Find all such natural $n$ such that $ \dfrac{12n-21143}{25} $ and $ \dfrac{2n-3403}{25} $ both are squares of prime numbers.
So far I have found by computer only solution: $ 2014.$
How to prove taht there are no more solutions?

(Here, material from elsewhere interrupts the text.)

(* For every $n\ge 0$, let $K_n$ be any virtual knot diagram whose arrow diagram is ${\mathcal A}_n$. Then in the quandle of $K_n$ all generators are equal, so the quandle is generated by a single element, and the fundamental group of $K_n$ (defined via the Wirtinger-type presentation) is infinite cyclic, i.e. isomorphic to that of the unknot.
   Context: A virtual knot diagram is a generic immersion of an oriented circle in the plane in which each double point is a real crossing (with over/under information) or a virtual crossing. Its arrow diagram is the counterclockwise-oriented parametrizing circle with one arrow per real crossing joining its two preimages, pointing from the overcrossing preimage to the undercrossing preimage; an endpoint has sign $+$ if, viewing its strand in the direction of orientation, the other strand passes from right to left, and $-$ otherwise. The arrow diagram ${\mathcal A}_n$ ($n\ge0$) has arrows $x,y_1,\dots,y_n$ with endpoints in counterclockwise order $X^+,Y_1^+,\dots,Y_n^+,X^-,Y_n^-,\dots,Y_1^-$; $x$ points from $X^+$ to $X^-$; $y_j$ points from $Y_j^-$ to $Y_j^+$ if $n-j$ is even and from $Y_j^+$ to $Y_j^-$ if $n-j$ is odd. Quandle of a diagram: one generator per bridge arc (arc running between undercrossings at real crossings; labels pass unchanged through virtual crossings), and at each real crossing with overcrossing label $a$, incoming undercrossing label $b$, the outgoing undercrossing label is $c=b\triangleright a$ or $c=b\triangleleft a$ depending on the crossing sign, in the free quandle (a quandle satisfies $a\triangleright a=a\triangleleft a=a$, $(a\triangleleft b)\triangleright b=a=(a\triangleright b)\triangleleft b$, unique solvability, and self-distributivity). The fundamental group is the group with one generator per bridge arc and, at each real crossing, the relation $c=a^{\epsilon}ba^{-\epsilon}$ with $\epsilon=\pm1$ the crossing sign. *)

From mathcomp Require Import all_boot all_order all_algebra.
Set Implicit Arguments. Unset Strict Implicit. Unset Printing Implicit Defensive.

I was tried first to solve the system \begin{cases} 12n=21143 \mod 25,\\ 2n=3403 \mod 25, \end{cases} and find that $n=14 \mod 25$. Then I substitute $n=14+25 \cdot k$ into the system \begin{cases} 12(14+25 \cdot k)-21143= 25 p^2,\\ 2(14+25 \cdot k)-3403= 25 q^2, \end{cases} and get \begin{cases} 12k= 839+ p^2,\\ 2k= 135+ q^2, \end{cases} or $10k=704 +p^2-q^2.$ It follows that $p^2-q^2=6 \mod 10$. But how to find now all $k?.$
Edit. If we rewrite it in the way $p^2-q^2=16=4^2 \mod 10$ then we get the $p=5 \mod 10$ and $q=3 \mod 10.$
Sorry, one solutions.
Your equations are \begin{cases} 12k= 839+ p^2\\ 2k= 135+ q^2 \end{cases} and we observe that $$p^2-q^2 = 10k - 704 = 5(2k-141)+1$$ so $\,p^2 - q^2 = 1 \pmod{5}$ which tells us that $p^2 = 1 \mod 5$ and $q = 0 \mod 5$, or $p=0 \mod 5$ and $q^2 = -1 \mod 5$. We consider the first case here, and the second later. Since $q$ is prime and divisible by $5$, $q=5$. Then $$ 2k = 135+25 = 160 \implies k=80 $$ and $$ 12k = 960 =- 839+p^2\\ P^2 = 121\\ p=11 $$ Finally, $$ 12 n - 21143 = 25p^2= 3025\\ 12n = 24168\\ n=2014 $$ or $$ 2 n - 3403= 25q^2= 625\\ 2n = 4028\\ n=2014 $$
So that is the one solution.
Now consider the second case: $p=0 \mod 5$ and $q^2 = -1 \mod 5$. $$12k=839+p^2 = 144 \\ k=72$$ And the other equation becomes $$2\cdot 72 = 135 + q^2\\ q=3$$ So that will give a second solution, with $$ n = 14 + 25*k = 14 + 25\cdot 72=1814 $$
Kudos to Leox for noting the second case, which I had overlooked in my original answer.